[Work to be completed] For the listing below, print exactly the lines from the line with "is_rgf (f pi)" to the line with "apply: (iffP existsP)", both included, and nothing beyond them.
------------------------------------------------------------
(* Let $\rho=12\cdots(k-1)k^a$ for some $a\ge1$, $k\ge1$ (a strictly increasing run $1,\dots,k$ followed by $a-1$ further copies of $k$). If patterns $\sigma$ and $\tau$ are strongly partition equivalent, then $p_n(\rho,\sigma)=p_n(\rho,\tau)$ for all $n\ge0$.
   Context: Set partitions are written in canonical sequential form (restricted growth words; $\pi_j$ is the index of the block containing $j$, blocks ordered by their minima, so the $i$-th block is the set of positions carrying letter $i$). Pattern containment means having a subsequence order-isomorphic to the pattern. $p_n(T)$ is the number of partitions of $[n]$ avoiding all patterns in $T$. Patterns $\sigma,\tau$ are strongly partition equivalent if there is a bijection $f$ from $\sigma$-avoiding partitions to $\tau$-avoiding partitions such that for every $\sigma$-avoiding partition $\pi$, $f(\pi)$ has the same number of blocks as $\pi$ and for each $i$ the $i$-th block of $f(\pi)$ has the same size as the $i$-th block of $\pi$. *)

From mathcomp Require Import all_boot.
Set Implicit Arguments. Unset Strict Implicit. Unset Printing Implicit Defensive.

(* A set partition of [n] in canonical sequential form: a restricted growth
   word w of length n with letters 1,2,...: w_1 = 1 (if n > 0) and each letter
   is at most 1 + the maximum of the preceding letters. *)
Fixpoint rgf_from (m : nat) (w : seq nat) : bool :=
  if w is x :: w' then (0 < x) && (x <= m.+1) && rgf_from (maxn m x) w'
  else true.
Definition is_rgf (w : seq nat) : bool := rgf_from 0 w.

Definition order_iso (u v : seq nat) : bool :=
  (size u == size v) &&
  [forall i : 'I_(size u), forall j : 'I_(size u),
    (nth 0 u i <= nth 0 u j) == (nth 0 v i <= nth 0 v j)].

Definition contains (pi p : seq nat) : bool :=
  [exists m : (size pi).-tuple bool, order_iso (mask m pi) p].
Definition avoids (pi p : seq nat) : bool := ~~ contains pi p.

(* p_n(T): number of partitions of [n] avoiding every pattern of T.
   A word of length n with letters in {0..n} is encoded as an n-tuple of 'I_n.+1;
   every RGF of length n has letters in {1..n}. *)
Definition pn (T : seq (seq nat)) (n : nat) : nat :=
  #|[set t : n.-tuple 'I_n.+1 |
      is_rgf (map val t) && all (avoids (map val t)) T]|.

Definition block_sizes (w : seq nat) : seq nat :=
  [seq count_mem i w | i <- iota 1 (\max_(x <- w) x)].

Definition strongly_partition_equivalent (sigma tau : seq nat) : Prop :=
  exists f : seq nat -> seq nat,
    (forall pi, is_rgf pi -> avoids pi sigma ->
        is_rgf (f pi) /\ avoids (f pi) tau /\ block_sizes (f pi) = block_sizes pi) /\
    (forall pi1 pi2, is_rgf pi1 -> avoids pi1 sigma -> is_rgf pi2 -> avoids pi2 sigma ->
        f pi1 = f pi2 -> pi1 = pi2) /\
    (forall pi', is_rgf pi' -> avoids pi' tau ->
        exists pi, is_rgf pi /\ avoids pi sigma /\ f pi = pi').

Definition rho_pat (k a : nat) : seq nat := iota 1 k ++ nseq a.-1 k.

(* The key observation is that whether a set partition avoids rho depends only
   on its block sizes: a partition contains rho iff some block of index at
   least k has at least a elements (an occurrence of rho ends with a copies of
   a letter j >= k, and conversely the first occurrences of 1, ..., k-1 precede
   the block j in canonical sequential form).  Hence a bijection witnessing
   strong equivalence of sigma and tau, which preserves block sizes, also
   preserves avoidance of rho and the size n of the partition (the sum of its
   block sizes), so it restricts to a bijection between the partitions of [n]
   avoiding {rho, sigma} and those avoiding {rho, tau}. *)
From mathcomp Require Import all_boot zify.
Set Implicit Arguments. Unset Strict Implicit. Unset Printing Implicit Defensive.

Lemma containsP (pi p : seq nat) :
  reflect (exists2 s, subseq s pi & order_iso s p) (contains pi p).
Proof.
apply: (iffP existsP) => [[m Hm] | [s /subseqP[m Hm ->] Hs]].
  by exists (mask m pi) => //; apply: mask_subseq.
by exists (Tuple (introT eqP Hm)).
Qed.

Lemma order_isoP (u v : seq nat) :
  reflect (size u = size v /\ forall i j, i < size u -> j < size u ->
             (nth 0 u i <= nth 0 u j) = (nth 0 v i <= nth 0 v j))
          (order_iso u v).
Proof.
apply: (iffP andP) => [[/eqP Hs /forallP H] | [Hs H]].
  split=> // i j Hi Hj.
  by have /forallP/(_ (Ordinal Hj))/eqP := H (Ordinal Hi).
split; first exact/eqP.
by apply/forallP=> i; apply/forallP=> j; apply/eqP; apply: H.
Qed.

Lemma order_iso_map (f : nat -> nat) (p : seq nat) :
  {mono f : x y / x <= y} -> order_iso (map f p) p.
Proof.
move=> Hf; apply/order_isoP; rewrite size_map; split=> // i j Hi Hj.
by rewrite !(nth_map 0) // Hf.
Qed.

Lemma rgf_from_pos (m : nat) (w : seq nat) : rgf_from m w -> all (leq 1) w.
Proof. by elim: w m => //= x w IH m /andP[/andP[-> _] /IH]. Qed.

Lemma rgf_from_bounded (m : nat) (w : seq nat) :
  rgf_from m w -> all (fun x => x <= m + size w) w.
Proof.
elim: w m => //= x w IH m /andP[/andP[_ Hx] /IH Hw].
apply/andP; split; first by lia.
by apply: sub_all Hw => y /=; lia.
Qed.

Lemma rgf_bounded (w : seq nat) : is_rgf w -> all (fun x => x <= size w) w.
Proof. exact: rgf_from_bounded. Qed.

(* The j-th block size (0-based) is the multiplicity of the letter j+1; this
   holds for every word, blocks beyond the last one having size 0. *)
Lemma nth_block_sizes (w : seq nat) (j : nat) :
  nth 0 (block_sizes w) j = count_mem j.+1 w.
Proof.
rewrite /block_sizes; set M := \max_(x <- w) x.
have [jM | Mj] := ltnP j M.
  by rewrite (nth_map 0) ?size_iota // nth_iota // add1n.
rewrite nth_default ?size_map ?size_iota //; apply/esym/count_memPn.
apply/negP => /(@leq_bigmax_seq _ _ xpredT id) /(_ isT); rewrite -/M; lia.
Qed.

Lemma block_sizes_count (w1 w2 : seq nat) (j : nat) :
  block_sizes w1 = block_sizes w2 -> 0 < j -> count_mem j w1 = count_mem j w2.
Proof. by move=> Hb; case: j => // j _; rewrite -!nth_block_sizes Hb. Qed.

Lemma sumn_count_mem (w r : seq nat) : uniq r ->
  sumn [seq count_mem i w | i <- r] = count (mem r) w.
Proof.
elim: r => [|y r IH] /=; first by rewrite count_pred0.
case/andP=> yr /IH ->; rewrite -count_predUI.
rewrite (@eq_count _ (predI _ _) pred0) ?count_pred0 ?addn0; last first.
  by move=> x /=; case: eqP => // ->; rewrite (negbTE yr).
by apply: eq_count => x; rewrite /= in_cons.
Qed.

Lemma sumn_block_sizes (w : seq nat) : is_rgf w -> sumn (block_sizes w) = size w.
Proof.
move=> Hw; rewrite /block_sizes sumn_count_mem ?iota_uniq //.
rewrite -[RHS]count_predT; apply: eq_in_count => x xw /=.
rewrite mem_iota (allP (rgf_from_pos Hw)) //= add1n ltnS.
exact: (@leq_bigmax_seq _ _ xpredT id).
Qed.

Lemma rho_patE (k a : nat) : 0 < k -> 0 < a -> rho_pat k a = iota 1 k.-1 ++ nseq a k.
Proof.
case: k => // k _; case: a => // a _.
by rewrite /rho_pat -(addn1 k) iotaD -catA add1n addn1.
Qed.

Lemma size_rho_pat (k a : nat) : size (rho_pat k a) = k + a.-1.
Proof. by rewrite /rho_pat size_cat size_iota size_nseq. Qed.

Lemma nth_rho_pat (k a q : nat) : q < size (rho_pat k a) ->
  nth 0 (rho_pat k a) q = if q < k then q.+1 else k.
Proof.
rewrite /rho_pat size_cat size_iota size_nseq nth_cat size_iota => Hq.
by case: ltnP => Hqk; rewrite ?nth_iota ?add1n ?nth_nseq //; case: ifP; lia.
Qed.

Lemma nseq_subseq (a j : nat) (w : seq nat) :
  a <= count_mem j w -> subseq (nseq a j) w.
Proof.
move=> Ha; apply: subseq_trans (filter_subseq (pred1 j) w).
have /all_pred1P -> := filter_all (pred1 j) w.
rewrite size_filter -(subnKC Ha) nseqD; exact: prefix_subseq.
Qed.

(* In a restricted growth word read after letters all below i, the word
   i (i+1) ... (j-1) j^a is a subsequence as soon as j occurs a times: the
   letters i, ..., j-1 first appear in increasing order, and none of the
   occurrences of j can precede the first occurrence of j-1. *)
Lemma rgf_from_run_subseq (m i j a : nat) (w : seq nat) : 0 < a ->
  rgf_from m w -> m < i -> i <= j -> a <= count_mem j w ->
  subseq (iota i (j - i) ++ nseq a j) w.
Proof.
move=> a0; elim: w m i => [|x w IH] m i; first by move=> _ _ _ /=; lia.
rewrite [rgf_from _ _]/= [count _ _]/= => /andP[/andP[_ xm] Hw] mi ij Hc.
have [eij | neij] := eqVneq i j.
  by rewrite eij subnn; exact: (nseq_subseq (w := x :: w)).
have {neij}ij : i < j by rewrite ltn_neqAle neij.
have [xi | xi] := eqVneq x i.
  rewrite -(subnSK ij) /= xi eqxx; apply: (IH i) => //.
    by move: Hw; rewrite xi (maxn_idPr (ltnW mi)).
  by move: Hc; rewrite xi (ltn_eqF ij).
have xj : x != j by lia.
apply: subseq_trans (subseq_cons w x); apply: (IH (maxn m x)) => //.
- by lia.
- exact: ltnW.
- by rewrite (negbTE xj) in Hc.
Qed.

Lemma large_block_contains_rho (k a j : nat) (w : seq nat) : 0 < k -> 0 < a ->
  is_rgf w -> k <= j -> a <= count_mem j w -> contains w (rho_pat k a).
Proof.
move=> k0 a0 Hw kj Hc; apply/containsP.
pose f x := if x < k then x else x + (j - k).
exists (map f (rho_pat k a)); last first.
  by apply: order_iso_map => x y; rewrite /f; do 2!case: ifP; lia.
have -> : map f (rho_pat k a) = iota 1 k.-1 ++ nseq a j.
  rewrite rho_patE // map_cat map_nseq /f ltnn subnKC // map_id_in // => x.
  by rewrite mem_iota; case: ifP; lia.
apply: subseq_trans (rgf_from_run_subseq a0 Hw (ltn0Sn 0) _ Hc); last by lia.
by rewrite (_ : j - 1 = k.-1 + (j - k)); [rewrite iotaD cat_subseq ?prefix_subseq | lia].
Qed.

(* Conversely, an occurrence s of rho in a partition starts with k increasing
   positive letters, so its repeated letter j = s_k is at least k, and j occurs
   a times. *)
Lemma contains_rho_large_block (k a : nat) (w : seq nat) : 0 < k -> 0 < a ->
  is_rgf w -> contains w (rho_pat k a) -> exists2 j, k <= j & a <= count_mem j w.
Proof.
move=> k0 a0 Hw /containsP[s sw Hs].
have /order_isoP[Hsz Hcmp] := Hs; rewrite size_rho_pat in Hsz.
rewrite Hsz in Hcmp.
have rho_at q : q < k + a.-1 -> nth 0 (rho_pat k a) q = if q < k then q.+1 else k.
  by move=> Hq; rewrite nth_rho_pat // size_rho_pat.
have s_pos q : q < k + a.-1 -> 0 < nth 0 s q.
  move=> Hq; apply: (allP (rgf_from_pos Hw)); apply: (mem_subseq sw).
  by apply: mem_nth; rewrite Hsz.
have s_run q : q < k -> q < nth 0 s q.
  elim: q => [|q IH] Hq; first by apply: s_pos; lia.
  have : nth 0 s q < nth 0 s q.+1.
    by rewrite ltnNge Hcmp -?ltnNge ?rho_at; try lia; do 2!case: ifP; lia.
  by have := IH (ltnW Hq); lia.
set j := nth 0 s k.-1.
have s_tail q : k.-1 <= q < k + a.-1 -> nth 0 s q = j.
  case/andP=> Hkq Hq; apply/eqP; rewrite eqn_leq !Hcmp ?rho_at; try lia.
  by do 2!case: ifP; lia.
exists j; first by have := s_run k.-1; lia.
have /all_pred1P Hdrop : all (pred1 j) (drop k.-1 s).
  apply/allP => x /(nthP 0)[q]; rewrite size_drop nth_drop Hsz => Hq <- /=.
  by rewrite s_tail //; lia.
apply: leq_trans (leq_count_subseq _ sw).
rewrite -(cat_take_drop k.-1 s) count_cat Hdrop count_nseq /= eqxx size_drop Hsz; lia.
Qed.

Lemma contains_rhoP (k a : nat) (w : seq nat) : 0 < k -> 0 < a -> is_rgf w ->
  contains w (rho_pat k a) <-> exists2 j, k <= j & a <= count_mem j w.
Proof.
move=> k0 a0 Hw; split; first exact: contains_rho_large_block.
by case=> j kj Hj; apply: large_block_contains_rho Hj.
Qed.

Definition block_size_determined (rho : seq nat) : Prop :=
  forall w1 w2, is_rgf w1 -> is_rgf w2 -> block_sizes w1 = block_sizes w2 ->
    avoids w1 rho = avoids w2 rho.

(* Avoidance of rho is determined by block sizes, as containment of rho only
   depends on the multiplicities of the letters j >= k. *)
Lemma rho_pat_block_size_determined (k a : nat) : 0 < k -> 0 < a ->
  block_size_determined (rho_pat k a).
Proof.
move=> k0 a0.
suff transfer w1 w2 : is_rgf w1 -> is_rgf w2 -> block_sizes w1 = block_sizes w2 ->
    contains w1 (rho_pat k a) -> contains w2 (rho_pat k a).
  move=> w1 w2 H1 H2 Hb; rewrite /avoids; congr negb.
  by apply/idP/idP; apply: transfer.
move=> H1 H2 Hb /(contains_rhoP k0 a0 H1)[j kj Hj]; apply/(contains_rhoP k0 a0 H2).
by exists j; rewrite // -(block_sizes_count Hb) //; lia.
Qed.

Section TupleEncoding.
Variable n : nat.

Definition tuple_of (s : seq nat) : n.-tuple 'I_n.+1 :=
  [tuple inord (nth 0 s i) | i < n].

Lemma tuple_ofK (s : seq nat) : size s = n -> all (fun x => x <= n) s ->
  map val (tuple_of s) = s.
Proof.
move=> Hs Hle; apply: (@eq_from_nth _ 0); rewrite size_map size_tuple // => i Hi.
rewrite (nth_map ord0) ?size_tuple // -[i]/(nat_of_ord (Ordinal Hi)) nth_mktuple.
by rewrite /= inordK // ltnS (allP Hle) // mem_nth // Hs.
Qed.

Lemma val_tupleK (t : n.-tuple 'I_n.+1) : tuple_of (map val t) = t.
Proof.
apply: val_inj; apply: (inj_map val_inj); apply: tuple_ofK.
  by rewrite size_map size_tuple.
by apply/allP => _ /mapP[y _ ->]; rewrite -ltnS ltn_ord.
Qed.

End TupleEncoding.

Lemma card_words_bij (n : nat) (P Q : pred (seq nat)) (g : seq nat -> seq nat) :
  (forall w, P w -> all (fun x => x <= size w) w) ->
  (forall v, Q v -> all (fun x => x <= size v) v) ->
  (forall w, P w -> Q (g w) /\ size (g w) = size w) ->
  {in P &, injective g} ->
  (forall v, Q v -> exists2 w, P w & g w = v) ->
  #|[set t : n.-tuple 'I_n.+1 | P (map val t)]| =
  #|[set t : n.-tuple 'I_n.+1 | Q (map val t)]|.
Proof.
move=> Pbound Qbound gPQ ginj gsurj.
have encK s : size s = n -> all (fun x => x <= size s) s -> map val (tuple_of n s) = s.
  by move=> Hs; rewrite Hs; apply: tuple_ofK.
have size_val (t : n.-tuple 'I_n.+1) : size (map val t) = n by rewrite size_map size_tuple.
pose G (t : n.-tuple 'I_n.+1) := tuple_of n (g (map val t)).
have valG (t : n.-tuple 'I_n.+1) : P (map val t) -> map val (G t) = g (map val t).
  move=> Pt; have [Qgt Hsz] := gPQ _ Pt.
  by apply: encK; [rewrite Hsz size_val | exact: Qbound].
have G_inj : {in [set t : n.-tuple 'I_n.+1 | P (map val t)] &, injective G}.
  move=> t1 t2; rewrite !inE => P1 P2 eqG.
  have : map val (G t1) = map val (G t2) by rewrite eqG.
  rewrite !valG // => /(ginj _ _ P1 P2) /(inj_map val_inj); exact: val_inj.
rewrite -(card_in_imset G_inj); apply: eq_card => t; rewrite [in RHS]inE.
apply/imsetP/idP => [[t0 Pt0 ->] | Qt].
  by rewrite inE in Pt0; rewrite valG //; have [] := gPQ _ Pt0.
have [w Pw gw] := gsurj _ Qt.
have Hw : size w = n by rewrite -(gPQ _ Pw).2 gw size_val.
have valw : map val (tuple_of n w) = w by apply: encK => //; exact: Pbound.
exists (tuple_of n w); first by rewrite inE valw.
by rewrite /G valw gw val_tupleK.
Qed.

Lemma pn_block_size_determined (rho sigma tau : seq nat) :
  block_size_determined rho -> strongly_partition_equivalent sigma tau ->
  forall n, pn [:: rho; sigma] n = pn [:: rho; tau] n.
Proof.
move=> rho_bs [f [f_avoid [f_inj f_surj]]] n.
apply: (@card_words_bij n (fun w => is_rgf w && all (avoids w) [:: rho; sigma])
                          (fun w => is_rgf w && all (avoids w) [:: rho; tau]) f).
- by move=> w /andP[/rgf_bounded].
- by move=> w /andP[/rgf_bounded].
- move=> w /and3P[Hw Hr /andP[Hs _]]; have [Hf [Ht Hb]] := f_avoid _ Hw Hs.
  rewrite /= Hf Ht (rho_bs _ _ Hf Hw Hb) Hr; split=> //.
  by rewrite -sumn_block_sizes // Hb sumn_block_sizes.
- move=> w1 w2; rewrite !unfold_in => /and3P[H1 _ /andP[S1 _]] /and3P[H2 _ /andP[S2 _]].
  exact: f_inj.
- move=> v /and3P[Hv Hr /andP[Ht _]]; have [w [Hw [Hs fw]]] := f_surj _ Hv Ht.
  have [Hf [_ Hb]] := f_avoid _ Hw Hs.
  by exists w; rewrite //= Hw Hs (rho_bs _ _ Hw Hf (esym Hb)) fw Hr.
Qed.

Theorem theorem4p5 (k a : nat) (sigma tau : seq nat) :
  1 <= k -> 1 <= a -> is_rgf sigma -> is_rgf tau ->
  strongly_partition_equivalent sigma tau ->
  forall n : nat, pn [:: rho_pat k a; sigma] n = pn [:: rho_pat k a; tau] n.
Proof.
move=> k0 a0 _ _; apply: pn_block_size_determined.
exact: rho_pat_block_size_determined.
Qed.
------------------------------------------------------------
[Answer to the problem]
        is_rgf (f pi) /\ avoids (f pi) tau /\ block_sizes (f pi) = block_sizes pi) /\
    (forall pi1 pi2, is_rgf pi1 -> avoids pi1 sigma -> is_rgf pi2 -> avoids pi2 sigma ->
        f pi1 = f pi2 -> pi1 = pi2) /\
    (forall pi', is_rgf pi' -> avoids pi' tau ->
        exists pi, is_rgf pi /\ avoids pi sigma /\ f pi = pi').

Definition rho_pat (k a : nat) : seq nat := iota 1 k ++ nseq a.-1 k.

(* The key observation is that whether a set partition avoids rho depends only
   on its block sizes: a partition contains rho iff some block of index at
   least k has at least a elements (an occurrence of rho ends with a copies of
   a letter j >= k, and conversely the first occurrences of 1, ..., k-1 precede
   the block j in canonical sequential form).  Hence a bijection witnessing
   strong equivalence of sigma and tau, which preserves block sizes, also
   preserves avoidance of rho and the size n of the partition (the sum of its
   block sizes), so it restricts to a bijection between the partitions of [n]
   avoiding {rho, sigma} and those avoiding {rho, tau}. *)
From mathcomp Require Import all_boot zify.
Set Implicit Arguments. Unset Strict Implicit. Unset Printing Implicit Defensive.

Lemma containsP (pi p : seq nat) :
  reflect (exists2 s, subseq s pi & order_iso s p) (contains pi p).
Proof.
apply: (iffP existsP) => [[m Hm] | [s /subseqP[m Hm ->] Hs]].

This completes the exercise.